Q20 : Which parameters can you use to manage workload in a Greenplum database?
A : workload management is done by creating resource queues and assigning various limits.

Q21 : How to re-sync a standby?
A : Use this option if you already have a standby master configured, and just want to resynchronize the data between the primary and backup master host. The Greenplum system catalog tables will not be updated.
# gpinitstandby -n (resynchronize)

Q22 : How do I clone my production databaes to PreProd / QA environment?
A : If Prod and QA on same GPDB cluster, use CREATE database template .
If Prod and QA are on different clusters, use backup and restore utilities.

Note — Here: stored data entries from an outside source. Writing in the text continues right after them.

(* Let $(X,\sigma,T)$ be as in the context and let $\pi^L_{eq}:L\to L_{eq}$ be the maximal equicontinuous factor of the minimal system $(L,\sigma_L)$, with the group structure on $L_{eq}$ chosen so that $e_{eq}:=\pi^L_{eq}(e)$ is the neutral element. Then $\pi^L_{eq}$ is a semigroup morphism, $\pi^L_{eq}(f)=\pi^L_{eq}(ef)$ for all $f\in L$, and there is a closed normal subgroup $H$ of $\mathcal G$ with $\Gamma\subset H$ such that $\pi^L_{eq}(f)\mapsto efH$ is a well-defined group isomorphism $L_{eq}\cong \mathcal G/H$; i.e. the map $L\ni f\mapsto ef \bmod H\in\mathcal G/H$ is a maximal equicontinuous factor of $(L,\sigma_L)$.
   Context: $T$ is an abelian group acting continuously by $\sigma$ on a compact Hausdorff space $X$; the action is minimal and not distal. The Ellis semigroup $E(X)$ is the closure of $\{\sigma^t:t\in T\}$ in $X^X$ (pointwise convergence, composition), with $T$-action $\sigma_E^t(f)=\sigma^t\circ f$. Fix a minimal idempotent $e\in E(X)$, put $L=E(X)e$ (a minimal left ideal; $\sigma_L$ denotes the restriction of $\sigma_E$ to $L$, and $(L,\sigma_L)$ is minimal) and $\mathcal G=eL=eE(X)e$ (a group with identity $e$), with the subspace topology. The kernel (smallest two-sided ideal) of $E(X)$ is completely simple, hence isomorphic to a Rees matrix semigroup with structure group $\mathcal G$; the little structure group $\Gamma\subset \mathcal G$ is the subgroup generated by the entries of its sandwich matrix; equivalently $\Gamma$ is the intersection of $\mathcal G$ with the closure of the subsemigroup generated by the minimal idempotents of $E(X)$. *)

From HB Require Import structures.
From mathcomp Require Import all_boot all_order all_algebra.
From mathcomp Require Import all_classical all_reals topology.
Set Implicit Arguments. Unset Strict Implicit. Unset Printing Implicit Defensive.
Import GRing.Theory.
Local Open Scope classical_set_scope.
Local Open Scope ring_scope.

Q23 : What is good and bad about the Greenplum, compared to Oracle and Greenplum?
A : Greenplum is built on top of Postgresql. It is shared nothing, MPP architecture best for data warehousing env. Good for big data analytics purpose.
Oracle is an all-purpose database.

Q24 : Where can I get help on postgres psql commands?
A : In psql session
“ ?” – for all psql session help
“h ” For any SQL syntax help.

Q25 : What is Analyze and how frequen should I run this?
A : ANALYZE collects statistics about the contents of tables in the database, and stores the results in the system table pg_statistic. Subsequently, the query planner uses these statistics to help determine the most efficient execution plans for queries.
It is a good idea to run ANALYZE periodically, or just after making major changes in the contents of a table. Accurate statistics will help the query planner to choose the most appropriate query plan, and thereby improve the speed of query processing. A common strategy is to run VACUUM and ANALYZE once a day during a low-usage time of day.